Zachariah glowered first at the ax, then up at the source of the racket. With that much commotion, it had to be the Wasp Lake pack’s deputies. Deputies, hah! A fine and fancy name for a group of roughnecks who liked nothing better than to lay down the law as they interpreted it. They weren’t bad when taken one or two at a time, but with three or more they tended toward mob madness.
Every now and then they tried to recruit Zachariah. They liked his size, his Alpha status, and his stoicism. Would have been better off saving their breath. Zachariah wanted nothing to do with them. With any wolf, come to that, and for good reasons. He lived at the very edge of the pack’s boundaries, and he kept himself to himself. Their troubles were none of his concern.
Still, unless Zachariah stuffed his ears with cotton wool he couldn’t help hearing the wolves howl and yelp, and though he wasn’t in wolf form he could still understand their yammering.
Hunt! Smell! Smell here? Smell there?
No smell here. Want them, want them. Trail by lake?
Must find, must find. Smells good, want him —
Want him, want him, yes! Take him —
Zachariah rolled his eyes. So they had mating on their minds, and an Omega in their sights. Too bad for the Omega, but whoever he was, he sounded smart enough to lead the deputies on a decent goose chase.
He shrugged the intruders off, knowing they’d pass through his land and be out of his hair soon enough, and scowled at the ax sunk into his barn wall. Tugging it free was relatively easy, but the hole it left behind would be a bitch and a half to repair. He poked at the splinters with a grim scoff, wondering if the Packmaster would hear a demand for restitution. He was a young man, this new Packmaster, and supposedly fair minded.

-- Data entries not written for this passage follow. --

(* Let $(G,P)$ be an instance of Edge Disjoint Paths in which every vertex occurs in at most one pair of $P$. Let $X\subseteq E(G)$ be a feedback edge set of $G$ and let $Y$ be the set of vertices incident to at least one edge of $X$. Let $L$ be a connected component of $G-Y$ such that there is exactly one edge $\{\ell,y\}$ of $G$ with $\ell\in V(L)$ and $y\in Y$. Then: (a) if $L$ contains no unmatched terminal and $(L,P_L)$ is a YES-instance of EDP, then $(G,P)$ is a YES-instance if and only if $(G-V(L),\,P\setminus P_L)$ is a YES-instance; (b) if $L$ contains exactly one unmatched terminal $s$ (with $\{s,t\}\in P$, $t\notin V(L)$) and $(L,P_L\cup\{\{s,\ell\}\})$ is a YES-instance of EDP (where the pair $\{s,\ell\}$ is omitted if $s=\ell$), then $(G,P)$ is a YES-instance if and only if $(G',P\setminus P_L)$ is a YES-instance, where $G'$ is obtained from $G-V(L)$ by adding the vertex $s$ and the edge $\{y,s\}$; (c) in all other cases (i.e., $L$ contains at least two unmatched terminals, or $L$ contains no unmatched terminal and $(L,P_L)$ is a NO-instance, or $L$ contains exactly one unmatched terminal $s$ and $(L,P_L\cup\{\{s,\ell\}\})$ is a NO-instance), $(G,P)$ is a NO-instance.
   Context: Edge Disjoint Paths (EDP): given an undirected graph $G$ and a set $P$ of terminal pairs (2-element subsets of $V(G)$), decide whether there exist pairwise edge-disjoint paths in $G$, one for each pair $\{s,t\}\in P$, connecting $s$ and $t$. A feedback edge set of $G$ is a set $X\subseteq E(G)$ such that $G-X$ is a forest. For a subgraph $H$ of $G$, $P_H\subseteq P$ is the set of pairs with both endpoints in $V(H)$, and $H$ contains an unmatched terminal $s$ if $\{s,t\}\in P$ with $s\in V(H)$ and $t\notin V(H)$. *)

(* Graphs: vertex set V : {set T} over a finType T,
   edge set E : {set {set T}} (each edge a 2-element subset of V). *)
From mathcomp Require Import all_boot.
Set Implicit Arguments. Unset Strict Implicit. Unset Printing Implicit Defensive.

Section EDP.
Variable T : finType.

Definition wf_graph (V : {set T}) (E : {set {set T}}) : Prop :=
  forall e, e \in E -> #|e| = 2 /\ e \subset V.
Definition wf_pairs (V : {set T}) (P : {set {set T}}) : Prop :=
  forall p, p \in P -> #|p| = 2 /\ p \subset V.

Definition adj (E : {set {set T}}) : rel T := fun u v => [set u; v] \in E.

(* a path given by its first vertex and the remaining vertices *)
Definition is_path (V : {set T}) (E : {set {set T}}) (w : T * seq T) : bool :=
  [&& path (adj E) w.1 w.2, uniq (w.1 :: w.2) & all (fun v => v \in V) (w.1 :: w.2)].
Definition ends (w : T * seq T) : {set T} := [set w.1; last w.1 w.2].
Definition pedges (w : T * seq T) : {set {set T}} :=
  [set e | e \in [seq [set a.1; a.2] | a <- zip (w.1 :: w.2) w.2]].

Definition EDP (V : {set T}) (E : {set {set T}}) (P : {set {set T}}) : Prop :=
  exists f : {set T} -> T * seq T,
    (forall p, p \in P -> is_path V E (f p) /\ ends (f p) = p) /\
    (forall p q, p \in P -> q \in P -> p != q -> [disjoint pedges (f p) & pedges (f q)]).

(* forest: no cycle (on at least 3 distinct vertices) *)
Definition forest (V : {set T}) (E : {set {set T}}) : Prop :=
  ~ exists (x : T) (s : seq T),
      [/\ 2 <= size s, is_path V E (x, s) & adj E (last x s) x].

Definition feedback_edge_set (V : {set T}) (E X : {set {set T}}) : Prop :=
  X \subset E /\ forest V (E :\: X).

Definition incident (X : {set {set T}}) : {set T} := \bigcup_(e in X) e.

Definition induced (E : {set {set T}}) (S : {set T}) : {set {set T}} :=
  [set e in E | e \subset S].

Definition reach (V : {set T}) (E : {set {set T}}) (u v : T) : Prop :=
  exists s : seq T, [/\ path (adj E) u s, all (fun x => x \in V) (u :: s) & last u s = v].

Definition component (V : {set T}) (E : {set {set T}}) (C : {set T}) : Prop :=
  exists u, u \in V /\ forall v, v \in C <-> (v \in V /\ reach V E u v).

Definition inner_pairs (P : {set {set T}}) (H : {set T}) : {set {set T}} :=
  [set p in P | p \subset H].

Definition unmatched (P : {set {set T}}) (H : {set T}) : {set T} :=
  [set s in H | [exists p in P, (s \in p) && ~~ (p \subset H)]].

Definition pairs_with (P : {set {set T}}) (H : {set T}) (s l : T) : {set {set T}} :=
  inner_pairs P H :|: (if s == l then set0 else [set [set s; l]]).

End EDP.

(* A path of G with one end in L and the other outside must cross the unique edge
   {l, y} joining L to the rest of G, and a path with both ends on one side of that
   edge stays on that side. Hence, in a solution, a pair inside L is routed inside L,
   a pair outside L is routed in G - V(L), and every pair leaving L uses {l, y}; since
   the paths are edge-disjoint, at most one terminal of L is unmatched, and its path
   splits into a path to l inside L followed by a path from y outside L. In G' this
   outer part, prefixed with the pendant edge {s, y}, replaces the whole path.
   Conversely, solutions of the two sides live on disjoint vertex sets, so they glue
   into a solution of (G, P), the two halves of the leaving path being joined through
   {l, y}. The feedback edge set only serves to place y outside L. *)

From mathcomp Require Import all_boot.
Set Implicit Arguments. Unset Strict Implicit. Unset Printing Implicit Defensive.

Section SetFacts.
Variable U : finType.
Implicit Types A B C : {set U}.
(* If an invariant state is supported on $V\ominus\operatorname{ran}|Z|_1$, then it is supported on $W$.
   Context: Fix integers $N\ge 2$ and $n_1\ge n_2\ge\dots\ge n_N\ge 1$. Let $\mathcal H$ be a finite-dimensional complex Hilbert space with orthonormal basis $\{|-\rangle,|+\rangle\}\cup\{|a_k\rangle:1\le k\le N,\ 0\le a\le n_k-1\}$. For vectors $x,y$, $|x\rangle\langle y|$ denotes the operator $u\mapsto\langle y,u\rangle x$. Put $E_k=\mathrm{span}\{|a_k\rangle:0\le a\le n_k-1\}$, $P_k$ the orthogonal projection onto $E_k$, $P_\pm=|\pm\rangle\langle\pm|$, $\zeta_k=e^{2\pi i/n_k}$, and $\varphi_{a_k}=n_k^{-1/2}\sum_{b=0}^{n_k-1}\zeta_k^{-ba}|b_k\rangle$ for $0\le a\le n_k-1$. For $1\le k\le N-1$ let $Z_k=n_k^{-1/2}\sum_{b=0}^{n_{k+1}-1}\sum_{a=0}^{n_k-1}\zeta_k^{ba}|b_{k+1}\rangle\langle a_k|$ (an operator on $\mathcal H$), $|Z|_k=Z_k^*Z_k$. The transport operator is $Z=\sum_{k=1}^{N-1}Z_k$. Let $\omega$ range over the set $\{\omega_+,\omega_-,\omega_1,\dots,\omega_{N-1}\}$ of (distinct) Bohr frequencies, and let $\Gamma_{\pm,\omega}>0$, $\gamma_{\pm,\omega}\in\mathbb R$ be constants. Kraus operators: $L_{-,\omega_+}=\sqrt{n_1\Gamma_{-,\omega_+}}|\varphi_{0_1}\rangle\langle +|$, $L_{+,\omega_+}=\sqrt{n_1\Gamma_{+,\omega_+}}|+\rangle\langle\varphi_{0_1}|$, $L_{-,\omega_k}=\sqrt{\Gamma_{-,\omega_k}}Z_k$, $L_{+,\omega_k}=\sqrt{\Gamma_{+,\omega_k}}Z_k^*$ ($1\le k\le N-1$), $L_{-,\omega_-}=\sqrt{\Gamma_{-,\omega_-}}|-\rangle\langle\varphi_{0_N}|$, $L_{+,\omega_-}=0$. Effective Hamiltonian $H_{\mathrm{eff}}=n_1\gamma_{-,\omega_+}P_+-n_1\gamma_{+,\omega_+}|\varphi_{0_1}\rangle\langle\varphi_{0_1}|+\gamma_{-,\omega_-}|\varphi_{0_N}\rangle\langle\varphi_{0_N}|-\gamma_{+,\omega_-}P_-+\sum_{k=1}^{N-1}(\gamma_{-,\omega_k}|Z|_k-\gamma_{+,\omega_k}P_{k+1})$. The generator is $\mathcal L(\rho)=-i[H_{\mathrm{eff}},\rho]+\sum_{\omega}\sum_{\epsilon=\pm}\big(L_{\epsilon,\omega}\rho L_{\epsilon,\omega}^*-\tfrac12\{L_{\epsilon,\omega}^*L_{\epsilon,\omega},\rho\}\big)$. A state is a positive operator of trace one; it is invariant if $\mathcal L(\rho)=0$; an operator is supported on a subspace $E$ if its range is contained in $E$. The interaction-free subspace is $W=\bigcap_{\omega,\epsilon=\pm}(\ker L_{\epsilon,\omega}\cap\ker L_{\epsilon,\omega}^* )$. $V$ is the orthogonal complement of the set $\{|-\rangle,|+\rangle,Z^n\varphi_{0_1},Z^{*n}\varphi_{0_N},Z^{*s}\varphi_{0_{2m+1}}:0\le n\le N-1,\ 1\le m\le (N-1)/2,\ 1\le s\le 2m\}$. $A\ominus B$ denotes $A\cap B^\perp$. *)

From mathcomp Require Import all_boot all_order all_algebra.
From mathcomp Require Import complex.
From mathcomp Require Import reals trigo.
Import Order.TTheory GRing.Theory Num.Theory.
Local Open Scope ring_scope.

Unset Implicit Arguments.
Unset Strict Implicit.
Unset Printing Implicit Defensive.

(*  - the paper's levels k = 1..N are indexed here by k = 0..N-1;           *)
(*    paper's n_k is here  n (k-1);  paper's |a_k> is  ket_site (k-1) a.    *)
(*  - signs epsilon = +/- are booleans: true = +, false = -.                *)
(*  - the Bohr frequencies are OmPlus (omega_+), OmMinus (omega_-) and      *)
(*    OmK k (paper's omega_{k+1}, k = 0..N-2).                              *)
(*  - the Hilbert space is C^basis with orthonormal basis basis, realised   *)
(*    as column vectors 'cV[R[i]]_(dim N n), operators as 'M[R[i]]_(dim N n)*)
(*    (matrices in that orthonormal basis).                                 *)

Inductive bohr := OmPlus | OmMinus | OmK of nat.

Section Model.

Variable R : realType.
Local Notation C := (R[i]).

Variables (N : nat) (n : nat -> nat).

(* basis: inl false = |->, inl true = |+>, inr (k; a) = |a_k> *)
Definition basis := (bool + {k : 'I_N & 'I_(n k)})%type.
Definition hdim := #|{: basis}|.
Local Notation d := hdim.

Definition rC (x : R) : C := Complex x 0.

Definition site_idx (x : basis) : option (nat * nat) :=
  match x with
  | inl _ => None
  | inr u => Some (nat_of_ord (tag u), nat_of_ord (tagged u))
  end.

Definition ket_site (k a : nat) : 'cV[C]_d :=
  \col_i ((site_idx (enum_val i) == Some (k, a))%:R).
Definition ket_pm (s : bool) : 'cV[C]_d :=
  \col_i ((enum_val i == inl s)%:R).

Definition adj {p q : nat} (A : 'M[C]_(p, q)) : 'M[C]_(q, p) :=
  (map_mx Num.conj A)^T.
(* inner product <u, v>, antilinear in u *)
Definition dotv (u v : 'cV[C]_d) : C := (adj u *m v) ord0 ord0.
Definition outer (u v : 'cV[C]_d) : 'M[C]_d := u *m adj v.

Maybe so. Zachariah would believe it when he saw it.
He sank his ax into the chopping block to get it safely out of the way. Like the barn wall, it gave way far too easily. Zachariah hadn’t built either cabin or barn. He’d bought them from an Alpha moving north to join a Barrow pack. They must have been good in their day. Well-loved.
Too bad for them. Zachariah wasn’t the man or wolf to give love to anything. How could he, when his heart had died the day his mate and pup did?
He might be better off tearing down the barn and building a new one, he decided after a moment’s thoughtful rubbing at his chin. He had no need for such a large outbuilding anyway, since he didn’t keep goats or cows, and if he got rid of the barn then he could tear down the thickly overgrown herbs that surrounded it, too. Someone must have put a great deal of care into that garden once upon a time, though their choice of planting had always baffled Zachariah. Lavender, lemon basil, rosemary — and peppermint, that last choking everything else half to death.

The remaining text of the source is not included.